Core Philosophy: "Decide How to Decide"
Instead of making individual decisions repeatedly, establish principles that automate future decisions.
The Problem
Your day is filled with decisions:
- Which technology to use?
- How to structure this code?
- What approach to take?
But: Most decisions you make shouldn't require your judgment every time.
The Solution
One principle can guide a thousand decisions.
❌ Repeated Decision: "Should we use library X?"
(Asked every time a new library is needed)
✅ Principle Established: "Use libraries with:
- 1000+ GitHub stars
- Active maintenance (commit in last 3 months)
- Compatible license (MIT/Apache2)
- Clear documentation"
(Applies to all future library choices automatically)
Leverage
| Short-term Decision | Long-term Principle |
|---|---|
| "What should this variable be named?" | "Naming convention: camelCase for variables, PascalCase for classes" |
| "What should this API return?" | "API design principle: Always return consistent format {data, error, meta}" |
| "How to refactor this code?" | "Refactoring principle: Refactor when complexity >10 or duplication >3" |
One decision → Thousand judgments automated
When to Use This Skill
Technical Decisions
- Choosing technologies (database, framework, library)
- Architectural patterns (monolith vs microservices)
- Infrastructure decisions (cloud provider, deployment strategy)
- Build vs buy decisions
Design Decisions
- API design choices
- Data model design
- Performance vs maintainability trade-offs
- Flexibility vs simplicity trade-offs
Process Decisions
- Development workflow
- Testing strategy
- Deployment process
- Code review standards
Decision Process (6 Steps)
Step 1: Define Decision Context
Questions to answer:
- What decision needs to be made?
- Why is this decision necessary?
- What constraints exist?
- Who is affected?
- What is the expected lifespan?
Template:
## Decision Context
**Decision**: [What we need to decide]
**Why**: [Problem or opportunity]
**Constraints**:
- Budget: [amount]
- Timeline: [deadline]
- Resources: [team, skills]
- Compliance: [regulations]
**Stakeholders**: [who is affected]
**Lifespan**: [how long this matters]
Step 2: Identify Alternatives
List all viable options (minimum 2, ideally 3-5):
## Alternatives
1. **Option A**: [name and brief description]

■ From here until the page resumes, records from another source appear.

Lemma Xn_sub1_Phi_proper : 'X^n - 1 = 'Phi_n * Phi_proper.
Proof.
rewrite -prod_Cyclotomic // (bigD1_seq n) ?divisors_uniq //=.
by rewrite -dvdn_divisors.
Qed.

Lemma Xn_sub1_dvd_Phi_proper {d} : (0 < d)%N -> (d %| n)%N -> (d < n)%N ->
  exists R : {poly int}, Phi_proper = ('X^d - 1) * R.
Proof.
move=> d_gt0 dn dltn.
exists (\prod_(e <- divisors n | (e != n) && ~~ (e %| d)%N) 'Phi_e).
rewrite /Phi_proper (bigID (fun e => (e %| d)%N)) /=; congr (_ * _).
rewrite -prod_Cyclotomic // -big_filter; apply: perm_big.
apply: uniq_perm; rewrite ?filter_uniq ?divisors_uniq // => e.
rewrite mem_filter -!dvdn_divisors //.
apply/idP/idP => [/andP[/andP[_ ->]]//|ed].
rewrite ed (dvdn_trans ed dn) !andbT; apply/eqP => en.
by have := dvdn_leq d_gt0 ed; rewrite en leqNgt dltn.
Qed.

Lemma cycquotE : cycquot q n = Phi_proper.[q%:Z].
Proof.
have PhiE : ((q ^ n - 1)%N)%:Z = ('Phi_n).[q%:Z] * Phi_proper.[q%:Z].
  by rewrite (natz_expn_subn1 _ _ (ltnW q_gt1)) -hornerM -Xn_sub1_Phi_proper !hornerE.
rewrite /cycquot PhiE mulKz //; apply/eqP => Phi0; move: PhiE.
rewrite Phi0 mul0r => /eqP; rewrite eqz_nat subn_eq0 leqNgt.
by rewrite -[1%N](expn0 q) ltn_exp2l // n_gt0.
Qed.

Lemma expn_subn1_dvd_cycquot {d} : (0 < d)%N -> (d %| n)%N -> (d < n)%N ->
  ((q ^ d - 1) %| `|cycquot q n|)%N.
Proof.
move=> d_gt0 dn dltn; rewrite cycquotE.
have [R ->] := Xn_sub1_dvd_Phi_proper d_gt0 dn dltn.
rewrite hornerM abszM dvdn_mulr //.
by rewrite !hornerE -(natz_expn_subn1 _ _ (ltnW q_gt1)) absz_nat.
Qed.

End CyclotomicQuotient.

Lemma natr_card_finField (F : finFieldType) : (#|F|%:R : F) = 0.
Proof.
have [p p_pr pcharF] := finPcharP F.
apply/eqP; rewrite -(dvdn_pcharf pcharF) (card_pprimeChar pcharF) dvdn_exp //.
rewrite lt0n; apply: contraTneq (finNzRing_gt1 F) => logp0.
by rewrite (card_pprimeChar pcharF) logp0.
Qed.

Lemma expf_card_pred (F : finFieldType) (x : F) : x != 0 -> x ^+ #|F|.-1 = 1.
Proof.
move=> x0; apply: (mulIf x0); rewrite mul1r -exprSr prednK ?expf_card //.
exact: ltnW (finNzRing_gt1 F).
Qed.

(* Adapted from the proof of pPrimePowerField: L is the splitting field of
   X^(q^n) - X, whose q^n roots are all of L. *)
Lemma finField_extension (F : finFieldType) {n : nat} : (0 < n)%N ->
  {L : splittingFieldType F | \dim {:L} = n}.
Proof.
move=> n_gt0; pose m := (#|F| ^ n)%N.
have F_gt1 : (1 < #|F|)%N by apply: finNzRing_gt1.
have m_gt1 : (1 < m)%N by rewrite -(expn0 #|F|) ltn_exp2l.
have m_gt0 := ltnW m_gt1; have m1_gt0: (m.-1 > 0)%N by rewrite -ltnS prednK.
pose Xm (R : nzRingType) : {poly R} := 'X^m - 'X.
have XmE (R : nzRingType) : Xm R = ('X^(m.-1) - 1) * ('X - 0).
  by rewrite subr0 mulrBl mul1r -exprSr prednK.
have /FinSplittingFieldFor[/= L splitLXm]: Xm F != 0.
  by rewrite XmE monic_neq0 ?rpredM ?monicXsubC ?monicXnsubC.
rewrite [map_poly _ _]rmorphB rmorphXn /= map_polyX -/(Xm L) in splitLXm.
have mL0 : (m%:R : L) = 0.
  rewrite -(rmorph_nat (in_alg L)) /m natrX natr_card_finField.
  by rewrite expr0n gtn_eqF // rmorph0.
exists L; pose Fm := FinFieldExtType L.
have /finField_galois_generator[/= a _ Da]: (1 <= {:L})%VS by apply: sub1v.
pose Em := fixedSpace (a ^+ n)%g; rewrite dimv1 expn1 in Da.
have{splitLXm} [zs XmL defL] := splitLXm.
have Uzs: uniq zs.
  rewrite -separable_prod_XsubC -(eqp_separable XmL) XmE separable_root andbC.
  rewrite /root !hornerE subr_eq0 eq_sym expr0n gtn_eqF ?oner_eq0 //=.
  rewrite cyclotomic.separable_Xn_sub_1 // -subn1 natrB // subr_eq0.
  by rewrite mL0 eq_sym oner_eq0.
have cardFm : #|Fm| = m.
  suffices /eq_card->: Fm =i zs.
    apply: succn_inj; rewrite (card_uniqP _) //= -(size_prod_XsubC _ id).
    by rewrite -(eqp_size XmL) size_polyDl size_polyXn // size_polyN size_polyX.
  have in_zs: zs =i Em.
    move=> z; rewrite -root_prod_XsubC -(eqp_root XmL) (sameP fixedSpaceP eqP).
    rewrite /root !hornerE subr_eq0 /= /m; congr (_ == z).
    elim: (n) => [|i IHi]; first by rewrite gal_id.
    by rewrite expgSr expnSr exprM IHi galM ?Da ?memvf.
  suffices defEm: Em = {:L}%VS by move=> z; rewrite in_zs defEm memvf.
  apply/eqP; rewrite eqEsubv subvf -defL -[Em]subfield_closed agenvS //.
  by rewrite subv_add sub1v; apply/span_subvP=> z; rewrite in_zs.
have := card_vspace (fullv : {vspace finvect_type L}).
by rewrite card_vspacef [#|_|]cardFm => /eqP; rewrite eqn_exp2l // => /eqP.
Qed.

Lemma inOmega0 (q n k : nat) : inOmega q n 0 k = (k == 0)%N.
Proof.
apply/existsP/eqP => [[I /andP[/eqP/cards0_eq-> /eqP->]]|->].
  exact: big_set0.
by exists set0; rewrite cards0 big_set0.
Qed.

Lemma sum_expsum_inOmega {R : nzRingType} {q n w : nat} (x : R) :
  (1 < q)%N -> (0 < n)%N ->
  (forall I : {set 'I_n}, #|I| = w -> (expsum q I < q ^ n - 1)%N) ->
  \sum_(I : {set 'I_n} | #|I| == w) x ^+ expsum q I =
  \sum_(k : 'I_(q ^ n - 1)) (inOmega q n w k)%:R * x ^+ k.
Proof.
move=> q_gt1 n_gt0 lt_w; pose A := [set I : {set 'I_n} | #|I| == w].
have N_gt0 : (0 < q ^ n - 1)%N by rewrite subn_gt0 -(expn0 q) ltn_exp2l.
pose h (I : {set 'I_n}) : 'I_(q ^ n - 1) :=
  Ordinal (ltn_pmod (expsum q I) N_gt0).
have hE I : I \in A -> h I = expsum q I :> nat.
  by rewrite inE => /eqP/lt_w; apply: modn_small.
have h_inj : {in A &, injective h}.
  move=> I J IA JA /(congr1 (@nat_of_ord _)).
  by rewrite !hE //; apply: expsum_inj.
have hA : h @: A = [set k : 'I_(q ^ n - 1) | inOmega q n w k].
  apply/setP => k; rewrite inE.
  apply/imsetP/existsP => [[I IA ->]|[I /andP[/eqP IA /eqP kE]]].
    by exists I; rewrite hE // !eqxx andbT; rewrite inE in IA.
  by exists I; rewrite ?inE ?IA //; apply: ord_inj; rewrite hE // inE IA.
rewrite (eq_bigl (fun I => I \in A)) => [|I]; last by rewrite inE.
rewrite (eq_bigr (fun I => x ^+ h I)) => [|I IA]; last by rewrite hE.
rewrite -(big_imset (fun k : 'I_(q ^ n - 1) => x ^+ k) h_inj) hA big_mkcond /=.
by apply: eq_bigr => k _; rewrite inE; case: (inOmega _ _ _ _); rewrite ?mul1r ?mul0r.
Qed.

Section CycEval.
Context {F : finFieldType} {L : fieldExtType F} {n : nat}.
Hypotheses (n_gt0 : (0 < n)%N) (dimL : \dim {:L} = n).
Local Notation q := #|F|.
Local Notation N := (q ^ n - 1)%N.

Lemma card_expn_subn1_gt0 : (0 < N)%N.
Proof. by rewrite subn_gt0 -(expn0 q) ltn_exp2l // finNzRing_gt1. Qed.

Lemma card_ext : #|finvect_type L| = (q ^ n)%N.
Proof.
have := card_vspace (fullv : {vspace finvect_type L}).
by rewrite card_vspacef dimL.
Qed.

Lemma expr_card_ext (x : L) : x ^+ (q ^ n) = x.
Proof. by apply/eqP; rewrite -dimL -Fermat's_little_theorem memvf. Qed.

Lemma expr_card_unit_ext {x : L} : x != 0 -> x ^+ N = 1.
Proof.
move=> x0; apply: (mulIf x0); rewrite mul1r -exprSr subn1 prednK ?expr_card_ext //.
by rewrite expn_gt0 ltnW // finNzRing_gt1.
Qed.

Definition modN (k : nat) : 'I_N := Ordinal (ltn_pmod k card_expn_subn1_gt0).

Lemma modN_ord (k : 'I_N) : modN k = k.
Proof. by apply: val_inj; rewrite /= modn_small. Qed.

Definition cyc_eval (h : 'I_N -> F) (x : L) := \sum_(k : 'I_N) (h k)%:A * x ^+ k.

Lemma cyc_evalB (h1 h2 : 'I_N -> F) x :
  cyc_eval (fun k => h1 k - h2 k) x = cyc_eval h1 x - cyc_eval h2 x.
Proof. by rewrite -sumrB; apply: eq_bigr => k _; rewrite scalerBl mulrBl. Qed.

Lemma cyc_evalZ (a : F) (h : 'I_N -> F) x :
  cyc_eval (fun k => a * h k) x = a *: cyc_eval h x.
Proof.
by rewrite scaler_sumr; apply: eq_bigr => k _; rewrite -scalerA -scalerAl.
Qed.

Lemma cyc_eval_sum (I : finType) (P : pred I) (h : I -> 'I_N -> F) x :
  cyc_eval (fun k => \sum_(i | P i) h i k) x = \sum_(i | P i) cyc_eval (h i) x.
Proof.
rewrite /cyc_eval exchange_big /=; apply: eq_bigr => k _.
by rewrite scaler_suml mulr_suml.
Qed.

Lemma cyc_eval_delta w x :
  (forall I : {set 'I_n}, #|I| = w -> (expsum q I < N)%N) ->
  cyc_eval (delta F q n w) x = \sum_(I : {set 'I_n} | #|I| == w) x ^+ expsum q I.
Proof.
move=> lt_w; rewrite (sum_expsum_inOmega x (finNzRing_gt1 F) n_gt0 lt_w).
by apply: eq_bigr => k _; rewrite /delta -in_algE rmorph_nat.
Qed.

Lemma cyc_eval_delta0 x : cyc_eval (delta F q n 0) x = 1.
Proof.
rewrite /cyc_eval (bigD1 (modN 0)) //= big1 => [|k k0]; rewrite /delta inOmega0.
  by rewrite /= mod0n scale1r mul1r addr0.
by move: k0; rewrite -(inj_eq val_inj) /= mod0n => /negbTE->; rewrite scale0r mul0r.
Qed.

Lemma cyc_eval_conv (h1 h2 : 'I_N -> F) x : x != 0 ->
  cyc_eval (conv h1 h2) x = cyc_eval h1 x * cyc_eval h2 x.
Proof.
move=> x0; rewrite /cyc_eval /conv mulr_suml.
under eq_bigr => i _ do rewrite scaler_suml mulr_suml.
rewrite exchange_big /=; apply: eq_bigr => j _; rewrite mulr_sumr.
under eq_bigr => i _ do rewrite scaler_suml mulr_suml big_mkcond /=.
rewrite exchange_big /=; apply: eq_bigr => k _; rewrite -big_mkcond /=.
rewrite (big_pred1 (modN (j + k))) => [|i]; last first.
  by rewrite /= -(inj_eq val_inj).
rewrite /= (expr_mod _ (expr_card_unit_ext x0)) exprD.
by rewrite -!in_algE rmorphM /=; ring.
Qed.

Lemma cyc_eval_convpow (h : 'I_N -> F) m x : x != 0 -> (0 < m)%N ->
  cyc_eval (convpow m h) x = cyc_eval h x ^+ m.
Proof.
move=> x0; case: m => // m _; rewrite /convpow /=.
elim: m => [|m IHm]; first by rewrite expr1.
by rewrite iterS cyc_eval_conv // IHm !exprS.
Qed.

Lemma periodic_cyc_eval (g : 'I_N -> F) m :
  (forall x : L, x != 0 -> x ^+ m != 1 -> cyc_eval g x = 0) -> periodic g m.
Proof.
move=> g0; pose shift (j : 'I_N) := modN (j + m).
have shift_inj : injective shift.
  move=> j j' /(congr1 val) /= /eqP; rewrite eqn_modDr !modn_small //.
  by move/eqP/val_inj.
pose U := \poly_(k < N)
  ((g (invF shift_inj (modN k)))%:A - (g (modN k))%:A : L).
have UE x : x != 0 -> U.[x] = (x ^+ m - 1) * cyc_eval g x.
  move=> x0; rewrite horner_poly mulrBl mul1r /cyc_eval mulr_sumr.
  under eq_bigr => k _ do rewrite modN_ord mulrBl.
  rewrite sumrB; congr (_ - _); rewrite (reindex_inj shift_inj).
  apply: eq_bigr => j _; rewrite invF_f /= expr_mod ?expr_card_unit_ext // exprD.
  by rewrite mulrA mulrC.
have U0 : U = 0.
  apply: (@roots_geq_poly_eq0 _ _ (enum (predC1 0 : pred (finvect_type L)))).
  - apply/allP => x; rewrite mem_enum /= => x0.
    by apply/rootP; rewrite UE //; case: (eqVneq (x ^+ m) 1) => [->|/g0->//];
      rewrite ?subrr ?mul0r ?mulr0.
  - exact: enum_uniq.
  by rewrite -cardE cardC1 card_ext -subn1 size_poly.
move=> i j ij; have := congr1 (fun p : {poly L} => p`_j) U0.
rewrite coef_poly ltn_ord modN_ord coef0 => /eqP; rewrite subr_eq0 => /eqP.
have -> : invF shift_inj j = i.
  by rewrite (_ : j = shift i) ?invF_f //; apply: val_inj.
by rewrite -!in_algE => /fmorph_inj.
Qed.

End CycEval.

Section Frobenius.
Context {F : finFieldType} (L : fieldExtType F).
Local Notation q := #|F|.

Lemma mem1v_expr_card (x : L) : (x \in 1%VS) = (x ^+ q == x).
Proof. by have := Fermat's_little_theorem 1%AS x; rewrite /= dimv1 expn1. Qed.

Lemma expr_cardD (x y : L) : (x + y) ^+ q = x ^+ q + y ^+ q.
Proof.
have [p _ pcharF] := finPcharP F; rewrite (card_pprimeChar pcharF).
elim: (logn _ _) => [|k IHk]; first by rewrite !expr1.
rewrite expnSr !exprM {}IHk.
by rewrite -(pchar_lalg L) in pcharF; rewrite -!(pFrobenius_autE pcharF) rmorphD.
Qed.

Definition frobenius_card (x : L) := x ^+ q.

Lemma frobenius_card_is_zmod_morphism : zmod_morphism frobenius_card.
Proof.
by move=> x y; rewrite /frobenius_card -[in RHS](subrK y x) [in RHS]expr_cardD addrK.
Qed.

Lemma frobenius_card_is_monoid_morphism : monoid_morphism frobenius_card.
Proof. by split=> [|x y]; rewrite /frobenius_card ?expr1n ?exprMn. Qed.

HB.instance Definition _ := GRing.isZmodMorphism.Build L L frobenius_card
  frobenius_card_is_zmod_morphism.
HB.instance Definition _ := GRing.isMonoidMorphism.Build L L frobenius_card
  frobenius_card_is_monoid_morphism.

End Frobenius.

Section ConjugatePolynomial.
Context {F : finFieldType} {L : fieldExtType F} (n : nat).
Hypotheses (n_gt0 : (0 < n)%N) (dimL : \dim {:L} = n).
Local Notation q := #|F|.

Lemma adjoin_dim_full (a : L) : a != 0 -> a ^+ `|cycquot q n| != 1 ->
  \dim <<1; a>>%VS = n.
Proof.
move=> a0; apply: contraNeq => dim_lt; set E := <<1; a>>%AS.
have dE : (\dim E %| n)%N by rewrite -dimL field_dimS ?subvf.
have ltEn : (\dim E < n)%N by rewrite ltn_neqAle dim_lt dvdn_leq.
have := expn_subn1_dvd_cycquot (finNzRing_gt1 F) n_gt0 (adim_gt0 E) dE ltEn.
case/dvdnP=> k ->.
rewrite mulnC exprM; suff -> : a ^+ (q ^ \dim E - 1) = 1 by rewrite expr1n.
have /esym/eqP aE := Fermat's_little_theorem E a; rewrite memv_adjoin in aE.
apply: (mulIf a0); rewrite mul1r -exprSr subn1 prednK ?aE //.
by rewrite expn_gt0 ltnW // finNzRing_gt1.
Qed.

Definition conj_poly (a : L) : {poly L} := \prod_(i < n) ('X - (a ^+ (q ^ i))%:P).

Lemma conj_polyE (a : L) :
  conj_poly a = \prod_(z <- mkseq (fun i => a ^+ (q ^ i)) n) ('X - z%:P).
Proof.
rewrite /conj_poly -(big_mkord xpredT (fun i => 'X - (a ^+ (q ^ i))%:P)).
by rewrite /mkseq big_map /index_iota subn0.
Qed.

Lemma conj_poly_monic (a : L) : conj_poly a \is monic.
Proof. by rewrite conj_polyE monic_prod_XsubC. Qed.

Lemma size_conj_poly (a : L) : size (conj_poly a) = n.+1.
Proof. by rewrite conj_polyE size_prod_XsubC size_mkseq. Qed.

Lemma root_conj_poly (a : L) : root (conj_poly a) a.
Proof.
rewrite /root /conj_poly horner_prod (bigD1 (Ordinal n_gt0)) //= !hornerE.
by rewrite expn0 expr1 subrr mul0r.
Qed.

2. **Option B**: [name and brief description]
3. **Option C**: [name and brief description]
4. **Status Quo**: [do nothing / keep current]
Example:
1. PostgreSQL (RDBMS with ACID)
2. MongoDB (Document store, flexible schema)
3. DynamoDB (Managed NoSQL, AWS-specific)
4. Status Quo (Current MySQL setup)
Step 3: Define Evaluation Criteria
Common criteria:
- Performance: Latency, throughput, scalability
- Maintainability: Code clarity, team familiarity
- Cost: Initial + ongoing
- Time to market: Development + learning curve
- Risk: Technical debt, vendor lock-in
- Flexibility: Extensibility, customization
Assign weights: High (3), Medium (2), Low (1)
## Evaluation Criteria
| Criterion | Weight | Why Important |
|-----------|--------|---------------|
| Performance | High | Customer SLA: <200ms response |
| Maintainability | High | Team of 5 must maintain |
| Cost | Medium | Budget: $5K/month |
| Time to market | High | 2-month deadline |
Step 4: Score Each Alternative
Score 0-10 for each criterion with rationale.
## Trade-off Analysis
| Criterion | Weight | PostgreSQL | MongoDB | DynamoDB |
|-----------|--------|-----------|---------|----------|
| Performance | High (3) | 8/10 | 6/10 | 9/10 |
| Maintainability | High (3) | 6/10 | 9/10 | 5/10 |
| Cost | Medium (2) | 7/10 | 5/10 | 6/10 |
| Time to market | High (3) | 8/10 | 7/10 | 9/10 |
**Weighted Scores**:
- PostgreSQL: (8×3 + 6×3 + 7×2 + 8×3) / (3+3+2+3) = 7.3
- MongoDB: (6×3 + 9×3 + 5×2 + 7×3) / 11 = 6.8
- DynamoDB: (9×3 + 5×3 + 6×2 + 9×3) / 11 = 7.5
Step 5: Document Reasoning
For each score, explain why:
## Detailed Evaluation
### PostgreSQL
**Performance: 8/10**
- Handles 10K writes/sec (requirement: 5K)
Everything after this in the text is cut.